Each line below from the one containing "Lemma fx_lipschitz : Rabs" through the one containing "assert (H1 := Rabs_sqr_sub_le" is to be given again exactly, and no line outside that span.

*** Opening of Records for the exercise ***

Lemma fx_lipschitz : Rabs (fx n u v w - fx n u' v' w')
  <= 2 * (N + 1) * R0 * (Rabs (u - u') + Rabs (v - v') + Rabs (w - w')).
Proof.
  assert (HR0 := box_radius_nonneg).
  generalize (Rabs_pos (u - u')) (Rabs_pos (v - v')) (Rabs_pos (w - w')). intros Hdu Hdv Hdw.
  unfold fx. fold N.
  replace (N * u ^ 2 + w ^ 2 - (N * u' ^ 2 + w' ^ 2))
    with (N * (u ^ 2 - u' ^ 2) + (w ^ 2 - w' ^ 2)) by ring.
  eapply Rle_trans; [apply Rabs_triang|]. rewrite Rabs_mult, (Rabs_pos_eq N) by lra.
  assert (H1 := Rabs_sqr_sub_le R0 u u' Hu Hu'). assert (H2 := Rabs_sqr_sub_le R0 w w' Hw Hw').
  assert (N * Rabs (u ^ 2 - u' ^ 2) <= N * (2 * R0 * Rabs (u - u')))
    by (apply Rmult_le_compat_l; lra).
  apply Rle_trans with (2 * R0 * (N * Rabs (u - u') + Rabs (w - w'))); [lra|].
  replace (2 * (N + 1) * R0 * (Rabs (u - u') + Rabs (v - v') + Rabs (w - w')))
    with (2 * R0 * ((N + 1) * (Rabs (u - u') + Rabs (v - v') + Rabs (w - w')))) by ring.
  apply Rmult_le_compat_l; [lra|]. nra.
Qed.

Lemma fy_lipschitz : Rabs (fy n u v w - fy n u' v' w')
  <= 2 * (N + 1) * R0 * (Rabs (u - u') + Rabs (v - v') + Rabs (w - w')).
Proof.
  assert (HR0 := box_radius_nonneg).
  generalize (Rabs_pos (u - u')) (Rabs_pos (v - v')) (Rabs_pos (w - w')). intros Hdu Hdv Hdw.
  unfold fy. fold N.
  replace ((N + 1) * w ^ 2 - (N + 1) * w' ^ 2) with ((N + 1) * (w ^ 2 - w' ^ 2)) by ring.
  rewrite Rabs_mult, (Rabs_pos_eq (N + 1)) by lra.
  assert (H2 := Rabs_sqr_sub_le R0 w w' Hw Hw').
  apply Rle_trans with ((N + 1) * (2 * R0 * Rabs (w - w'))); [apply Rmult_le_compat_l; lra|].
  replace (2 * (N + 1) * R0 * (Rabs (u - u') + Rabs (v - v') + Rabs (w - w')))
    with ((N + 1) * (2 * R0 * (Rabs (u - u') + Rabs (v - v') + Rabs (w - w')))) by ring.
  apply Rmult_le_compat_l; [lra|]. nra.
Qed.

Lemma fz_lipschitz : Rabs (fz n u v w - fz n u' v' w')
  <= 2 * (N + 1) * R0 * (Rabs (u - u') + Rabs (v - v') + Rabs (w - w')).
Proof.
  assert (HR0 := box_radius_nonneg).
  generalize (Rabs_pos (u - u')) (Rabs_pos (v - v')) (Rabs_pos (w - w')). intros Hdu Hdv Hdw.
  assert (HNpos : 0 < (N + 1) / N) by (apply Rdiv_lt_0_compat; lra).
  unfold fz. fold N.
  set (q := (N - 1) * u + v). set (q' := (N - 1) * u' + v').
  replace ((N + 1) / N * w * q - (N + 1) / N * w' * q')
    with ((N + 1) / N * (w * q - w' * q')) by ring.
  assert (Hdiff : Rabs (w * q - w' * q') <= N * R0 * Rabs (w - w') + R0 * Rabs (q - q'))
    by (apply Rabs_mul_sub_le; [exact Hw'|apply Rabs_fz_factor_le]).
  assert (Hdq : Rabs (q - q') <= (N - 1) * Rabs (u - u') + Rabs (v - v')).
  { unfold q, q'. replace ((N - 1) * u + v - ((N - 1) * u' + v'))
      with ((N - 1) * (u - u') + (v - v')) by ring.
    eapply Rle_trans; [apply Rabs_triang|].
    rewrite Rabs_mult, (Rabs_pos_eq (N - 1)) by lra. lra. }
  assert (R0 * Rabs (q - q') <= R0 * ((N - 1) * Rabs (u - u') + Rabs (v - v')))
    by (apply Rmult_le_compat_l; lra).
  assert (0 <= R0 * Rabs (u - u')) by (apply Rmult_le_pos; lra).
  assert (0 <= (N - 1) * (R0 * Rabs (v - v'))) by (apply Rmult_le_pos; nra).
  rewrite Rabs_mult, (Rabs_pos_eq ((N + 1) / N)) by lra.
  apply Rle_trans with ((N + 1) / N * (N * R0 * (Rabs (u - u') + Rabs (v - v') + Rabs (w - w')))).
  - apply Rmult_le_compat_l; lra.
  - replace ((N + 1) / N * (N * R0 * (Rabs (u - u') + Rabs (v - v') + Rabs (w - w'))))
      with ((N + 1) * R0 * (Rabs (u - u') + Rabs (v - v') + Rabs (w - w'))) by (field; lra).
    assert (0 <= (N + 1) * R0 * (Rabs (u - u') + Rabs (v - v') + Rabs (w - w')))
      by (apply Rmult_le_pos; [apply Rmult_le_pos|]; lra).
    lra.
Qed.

*** Close of Records for the exercise ***
*** Opening of Records for the exercise ***

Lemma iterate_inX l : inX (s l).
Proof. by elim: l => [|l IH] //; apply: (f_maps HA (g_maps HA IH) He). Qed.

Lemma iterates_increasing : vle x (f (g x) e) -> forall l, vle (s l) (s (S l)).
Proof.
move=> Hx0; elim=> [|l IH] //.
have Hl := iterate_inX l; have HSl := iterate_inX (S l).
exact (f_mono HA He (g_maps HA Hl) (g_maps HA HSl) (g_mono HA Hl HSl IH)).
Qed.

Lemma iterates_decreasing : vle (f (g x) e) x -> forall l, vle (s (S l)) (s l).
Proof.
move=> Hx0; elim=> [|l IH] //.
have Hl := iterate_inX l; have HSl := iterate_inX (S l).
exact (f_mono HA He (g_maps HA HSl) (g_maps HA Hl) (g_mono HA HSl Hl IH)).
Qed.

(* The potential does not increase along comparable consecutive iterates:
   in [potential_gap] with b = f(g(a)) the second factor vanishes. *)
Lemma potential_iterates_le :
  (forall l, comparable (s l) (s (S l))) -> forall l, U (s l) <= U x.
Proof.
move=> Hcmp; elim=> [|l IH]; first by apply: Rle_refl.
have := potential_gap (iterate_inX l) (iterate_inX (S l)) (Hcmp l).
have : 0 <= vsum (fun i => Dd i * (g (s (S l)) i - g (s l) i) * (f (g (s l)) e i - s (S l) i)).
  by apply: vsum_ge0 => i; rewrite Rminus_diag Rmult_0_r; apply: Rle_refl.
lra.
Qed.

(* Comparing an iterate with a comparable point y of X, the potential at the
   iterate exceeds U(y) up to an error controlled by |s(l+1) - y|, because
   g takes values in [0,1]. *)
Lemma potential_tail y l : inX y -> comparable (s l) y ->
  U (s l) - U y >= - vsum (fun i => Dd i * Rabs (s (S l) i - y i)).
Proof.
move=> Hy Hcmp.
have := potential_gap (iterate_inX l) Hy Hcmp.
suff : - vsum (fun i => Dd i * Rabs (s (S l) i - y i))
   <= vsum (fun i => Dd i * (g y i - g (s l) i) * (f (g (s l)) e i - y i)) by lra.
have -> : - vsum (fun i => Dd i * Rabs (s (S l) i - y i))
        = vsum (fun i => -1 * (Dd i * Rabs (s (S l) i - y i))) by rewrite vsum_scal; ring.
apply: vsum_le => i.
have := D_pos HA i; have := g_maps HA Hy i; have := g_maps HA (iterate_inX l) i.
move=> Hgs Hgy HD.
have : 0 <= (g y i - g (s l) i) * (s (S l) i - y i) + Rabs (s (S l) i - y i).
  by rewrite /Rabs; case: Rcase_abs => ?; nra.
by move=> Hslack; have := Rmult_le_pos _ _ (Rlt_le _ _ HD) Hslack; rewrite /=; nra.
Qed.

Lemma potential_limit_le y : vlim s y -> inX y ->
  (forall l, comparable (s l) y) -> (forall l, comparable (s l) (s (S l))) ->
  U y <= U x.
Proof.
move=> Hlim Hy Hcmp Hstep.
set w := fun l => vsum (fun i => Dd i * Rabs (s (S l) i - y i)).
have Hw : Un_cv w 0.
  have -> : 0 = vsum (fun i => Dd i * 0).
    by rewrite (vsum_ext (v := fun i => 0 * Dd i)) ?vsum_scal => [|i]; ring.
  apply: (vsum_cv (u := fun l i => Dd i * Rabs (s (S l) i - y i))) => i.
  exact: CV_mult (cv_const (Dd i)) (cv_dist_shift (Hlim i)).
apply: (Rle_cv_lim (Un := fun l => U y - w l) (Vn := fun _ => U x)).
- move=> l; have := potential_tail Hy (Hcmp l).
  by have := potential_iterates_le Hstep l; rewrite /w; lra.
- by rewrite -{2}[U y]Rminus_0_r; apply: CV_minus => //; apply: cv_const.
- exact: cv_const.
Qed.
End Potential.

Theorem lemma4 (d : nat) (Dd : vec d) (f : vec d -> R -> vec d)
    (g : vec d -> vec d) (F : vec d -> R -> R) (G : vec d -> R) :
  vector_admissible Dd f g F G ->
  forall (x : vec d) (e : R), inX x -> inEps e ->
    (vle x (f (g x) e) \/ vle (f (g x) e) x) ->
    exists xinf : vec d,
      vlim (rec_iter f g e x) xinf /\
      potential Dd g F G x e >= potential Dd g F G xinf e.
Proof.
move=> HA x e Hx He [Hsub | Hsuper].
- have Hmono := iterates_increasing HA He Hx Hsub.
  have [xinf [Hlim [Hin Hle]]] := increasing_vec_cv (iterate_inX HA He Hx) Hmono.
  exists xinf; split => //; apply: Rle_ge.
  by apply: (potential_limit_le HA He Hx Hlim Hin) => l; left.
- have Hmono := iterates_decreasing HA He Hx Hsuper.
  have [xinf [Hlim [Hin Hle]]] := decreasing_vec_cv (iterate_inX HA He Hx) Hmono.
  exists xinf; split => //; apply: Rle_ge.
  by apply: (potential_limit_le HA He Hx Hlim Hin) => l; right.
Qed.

*** Close of Records for the exercise ***
*** Opening of Records for the exercise ***

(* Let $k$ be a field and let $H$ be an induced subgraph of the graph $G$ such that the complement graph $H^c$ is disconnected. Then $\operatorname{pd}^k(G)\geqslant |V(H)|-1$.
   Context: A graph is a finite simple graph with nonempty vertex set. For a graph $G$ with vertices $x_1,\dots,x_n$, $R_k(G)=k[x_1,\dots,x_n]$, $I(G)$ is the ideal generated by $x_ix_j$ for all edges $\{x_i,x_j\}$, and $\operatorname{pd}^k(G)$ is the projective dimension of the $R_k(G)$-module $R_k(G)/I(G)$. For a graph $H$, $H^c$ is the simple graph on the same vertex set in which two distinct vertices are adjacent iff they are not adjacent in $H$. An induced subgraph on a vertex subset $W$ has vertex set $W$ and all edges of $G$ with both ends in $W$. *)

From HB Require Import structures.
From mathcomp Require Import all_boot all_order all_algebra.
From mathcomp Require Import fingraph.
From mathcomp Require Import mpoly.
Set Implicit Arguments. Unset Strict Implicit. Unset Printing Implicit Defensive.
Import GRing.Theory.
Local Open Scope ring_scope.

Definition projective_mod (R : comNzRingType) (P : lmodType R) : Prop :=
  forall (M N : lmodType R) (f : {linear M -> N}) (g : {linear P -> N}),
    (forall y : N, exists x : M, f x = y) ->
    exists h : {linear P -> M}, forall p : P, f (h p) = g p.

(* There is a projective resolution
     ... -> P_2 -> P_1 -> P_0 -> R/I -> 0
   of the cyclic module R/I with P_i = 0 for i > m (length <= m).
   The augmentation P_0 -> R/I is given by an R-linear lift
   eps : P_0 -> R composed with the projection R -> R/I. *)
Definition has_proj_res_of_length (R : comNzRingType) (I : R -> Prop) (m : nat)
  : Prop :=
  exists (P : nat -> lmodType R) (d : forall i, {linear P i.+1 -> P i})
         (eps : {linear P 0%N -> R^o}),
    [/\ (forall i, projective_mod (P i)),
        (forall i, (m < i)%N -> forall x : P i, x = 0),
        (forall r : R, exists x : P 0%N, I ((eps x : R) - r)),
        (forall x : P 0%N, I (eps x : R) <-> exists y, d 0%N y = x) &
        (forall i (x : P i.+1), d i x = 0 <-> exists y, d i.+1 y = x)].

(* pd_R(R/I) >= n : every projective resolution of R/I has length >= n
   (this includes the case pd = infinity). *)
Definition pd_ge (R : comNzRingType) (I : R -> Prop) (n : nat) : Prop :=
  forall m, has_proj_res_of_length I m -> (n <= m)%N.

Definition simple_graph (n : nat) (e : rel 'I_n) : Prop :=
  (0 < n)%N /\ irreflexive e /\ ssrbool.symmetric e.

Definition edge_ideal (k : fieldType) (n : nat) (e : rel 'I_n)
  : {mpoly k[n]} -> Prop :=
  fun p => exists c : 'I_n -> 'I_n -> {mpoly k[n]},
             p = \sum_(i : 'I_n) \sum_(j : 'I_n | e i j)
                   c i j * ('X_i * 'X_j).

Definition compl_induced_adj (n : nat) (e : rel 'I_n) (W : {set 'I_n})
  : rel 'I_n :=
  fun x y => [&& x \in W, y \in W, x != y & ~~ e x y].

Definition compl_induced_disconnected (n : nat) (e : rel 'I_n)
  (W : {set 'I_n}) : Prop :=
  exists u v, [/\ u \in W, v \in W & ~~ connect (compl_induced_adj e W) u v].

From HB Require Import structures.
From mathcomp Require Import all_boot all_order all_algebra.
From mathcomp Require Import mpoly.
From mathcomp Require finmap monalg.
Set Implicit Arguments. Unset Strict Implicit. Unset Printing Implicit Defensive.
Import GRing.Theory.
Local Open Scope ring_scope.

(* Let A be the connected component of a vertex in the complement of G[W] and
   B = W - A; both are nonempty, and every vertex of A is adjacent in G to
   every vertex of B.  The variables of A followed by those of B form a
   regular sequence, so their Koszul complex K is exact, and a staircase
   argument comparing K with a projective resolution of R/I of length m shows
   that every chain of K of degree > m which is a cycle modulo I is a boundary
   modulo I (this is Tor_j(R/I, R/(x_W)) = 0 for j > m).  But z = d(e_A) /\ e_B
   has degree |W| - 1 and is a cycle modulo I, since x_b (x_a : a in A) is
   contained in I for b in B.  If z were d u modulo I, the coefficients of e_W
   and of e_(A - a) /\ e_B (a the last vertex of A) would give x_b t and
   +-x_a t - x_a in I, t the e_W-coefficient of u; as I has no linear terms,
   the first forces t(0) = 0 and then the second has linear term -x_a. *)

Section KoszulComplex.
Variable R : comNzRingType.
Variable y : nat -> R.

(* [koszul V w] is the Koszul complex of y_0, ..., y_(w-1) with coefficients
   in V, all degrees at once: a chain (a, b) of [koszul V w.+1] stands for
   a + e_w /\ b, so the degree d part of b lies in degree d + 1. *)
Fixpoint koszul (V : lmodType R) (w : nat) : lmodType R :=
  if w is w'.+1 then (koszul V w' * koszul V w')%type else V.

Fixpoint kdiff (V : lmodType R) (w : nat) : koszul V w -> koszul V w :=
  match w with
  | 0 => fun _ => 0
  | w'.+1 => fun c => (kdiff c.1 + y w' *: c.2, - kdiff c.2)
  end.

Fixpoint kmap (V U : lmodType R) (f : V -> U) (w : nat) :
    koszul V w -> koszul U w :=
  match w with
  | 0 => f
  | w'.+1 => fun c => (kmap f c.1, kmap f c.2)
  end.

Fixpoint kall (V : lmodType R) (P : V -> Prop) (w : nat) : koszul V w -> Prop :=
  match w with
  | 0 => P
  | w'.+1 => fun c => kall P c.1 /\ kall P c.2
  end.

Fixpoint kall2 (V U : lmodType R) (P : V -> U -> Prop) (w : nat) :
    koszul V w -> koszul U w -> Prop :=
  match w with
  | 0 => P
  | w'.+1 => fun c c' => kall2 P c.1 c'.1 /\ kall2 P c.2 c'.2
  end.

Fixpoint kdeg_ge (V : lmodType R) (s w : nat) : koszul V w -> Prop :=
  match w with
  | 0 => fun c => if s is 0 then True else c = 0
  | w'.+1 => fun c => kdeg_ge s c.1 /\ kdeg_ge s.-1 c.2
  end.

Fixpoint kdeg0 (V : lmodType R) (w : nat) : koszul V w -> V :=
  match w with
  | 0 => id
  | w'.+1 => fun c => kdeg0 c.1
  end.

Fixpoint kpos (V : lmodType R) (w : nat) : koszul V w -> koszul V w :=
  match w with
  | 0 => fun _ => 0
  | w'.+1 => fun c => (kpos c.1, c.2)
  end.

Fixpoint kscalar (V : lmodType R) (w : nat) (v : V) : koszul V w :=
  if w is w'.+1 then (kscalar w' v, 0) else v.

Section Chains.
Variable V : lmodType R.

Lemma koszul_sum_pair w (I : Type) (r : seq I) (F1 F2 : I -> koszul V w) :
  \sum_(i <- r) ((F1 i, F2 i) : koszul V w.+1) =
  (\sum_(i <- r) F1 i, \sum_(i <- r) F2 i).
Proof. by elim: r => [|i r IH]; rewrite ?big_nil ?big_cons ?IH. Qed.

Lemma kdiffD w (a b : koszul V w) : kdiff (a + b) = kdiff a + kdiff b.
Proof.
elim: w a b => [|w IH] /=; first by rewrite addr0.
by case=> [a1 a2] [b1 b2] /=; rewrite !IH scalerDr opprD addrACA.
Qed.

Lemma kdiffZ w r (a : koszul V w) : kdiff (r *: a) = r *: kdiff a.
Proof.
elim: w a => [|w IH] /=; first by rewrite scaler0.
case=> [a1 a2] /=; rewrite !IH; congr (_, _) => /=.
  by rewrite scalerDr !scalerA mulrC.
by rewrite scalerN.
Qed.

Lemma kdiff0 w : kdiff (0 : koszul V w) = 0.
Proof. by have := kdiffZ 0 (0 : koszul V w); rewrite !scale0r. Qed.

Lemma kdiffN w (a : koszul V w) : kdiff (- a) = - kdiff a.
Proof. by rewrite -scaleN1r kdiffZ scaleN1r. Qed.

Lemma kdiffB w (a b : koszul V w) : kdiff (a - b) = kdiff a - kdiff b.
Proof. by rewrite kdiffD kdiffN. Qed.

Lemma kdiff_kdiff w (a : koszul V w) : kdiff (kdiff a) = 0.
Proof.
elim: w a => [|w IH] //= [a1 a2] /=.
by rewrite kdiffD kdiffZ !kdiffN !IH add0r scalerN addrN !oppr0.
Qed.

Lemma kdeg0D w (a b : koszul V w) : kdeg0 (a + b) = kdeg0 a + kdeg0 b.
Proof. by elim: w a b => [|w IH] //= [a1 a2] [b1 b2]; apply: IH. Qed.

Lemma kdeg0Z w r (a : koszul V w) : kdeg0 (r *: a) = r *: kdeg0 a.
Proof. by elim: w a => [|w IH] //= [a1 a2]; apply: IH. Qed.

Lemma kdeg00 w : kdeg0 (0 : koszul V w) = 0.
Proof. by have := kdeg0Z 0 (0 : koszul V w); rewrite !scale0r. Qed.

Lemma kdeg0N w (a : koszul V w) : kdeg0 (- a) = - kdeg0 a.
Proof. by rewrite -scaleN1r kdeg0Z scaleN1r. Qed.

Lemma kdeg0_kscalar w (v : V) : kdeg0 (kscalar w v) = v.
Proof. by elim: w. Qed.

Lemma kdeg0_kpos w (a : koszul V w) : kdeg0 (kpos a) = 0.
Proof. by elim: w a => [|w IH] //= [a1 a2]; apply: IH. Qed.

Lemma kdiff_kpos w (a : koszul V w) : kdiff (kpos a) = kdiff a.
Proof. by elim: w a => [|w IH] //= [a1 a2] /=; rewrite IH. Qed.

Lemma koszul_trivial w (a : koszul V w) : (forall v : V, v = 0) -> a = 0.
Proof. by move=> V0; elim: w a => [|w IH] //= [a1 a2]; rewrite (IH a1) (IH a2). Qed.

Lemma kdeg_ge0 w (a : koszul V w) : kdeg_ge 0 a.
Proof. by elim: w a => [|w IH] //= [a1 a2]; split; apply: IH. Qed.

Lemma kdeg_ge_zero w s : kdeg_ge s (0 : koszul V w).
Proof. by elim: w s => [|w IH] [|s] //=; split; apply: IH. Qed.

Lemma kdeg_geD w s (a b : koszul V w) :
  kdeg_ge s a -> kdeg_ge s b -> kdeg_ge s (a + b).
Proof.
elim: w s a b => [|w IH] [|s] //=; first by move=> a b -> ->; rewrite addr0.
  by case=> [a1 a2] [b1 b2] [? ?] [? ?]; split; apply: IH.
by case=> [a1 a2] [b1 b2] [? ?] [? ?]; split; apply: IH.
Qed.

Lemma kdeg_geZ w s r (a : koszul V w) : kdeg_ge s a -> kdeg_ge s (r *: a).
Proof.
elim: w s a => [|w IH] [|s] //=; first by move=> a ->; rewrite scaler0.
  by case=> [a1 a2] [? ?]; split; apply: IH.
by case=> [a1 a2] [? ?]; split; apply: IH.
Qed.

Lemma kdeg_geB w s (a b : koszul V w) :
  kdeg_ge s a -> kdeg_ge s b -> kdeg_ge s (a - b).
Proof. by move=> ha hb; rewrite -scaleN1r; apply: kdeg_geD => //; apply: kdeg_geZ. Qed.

*** Close of Records for the exercise ***

• **Answer space**
Lemma fx_lipschitz : Rabs (fx n u v w - fx n u' v' w')
  <= 2 * (N + 1) * R0 * (Rabs (u - u') + Rabs (v - v') + Rabs (w - w')).
Proof.
  assert (HR0 := box_radius_nonneg).
  generalize (Rabs_pos (u - u')) (Rabs_pos (v - v')) (Rabs_pos (w - w')). intros Hdu Hdv Hdw.
  unfold fx. fold N.
  replace (N * u ^ 2 + w ^ 2 - (N * u' ^ 2 + w' ^ 2))
    with (N * (u ^ 2 - u' ^ 2) + (w ^ 2 - w' ^ 2)) by ring.
  eapply Rle_trans; [apply Rabs_triang|]. rewrite Rabs_mult, (Rabs_pos_eq N) by lra.
  assert (H1 := Rabs_sqr_sub_le R0 u u' Hu Hu'). assert (H2 := Rabs_sqr_sub_le R0 w w' Hw Hw').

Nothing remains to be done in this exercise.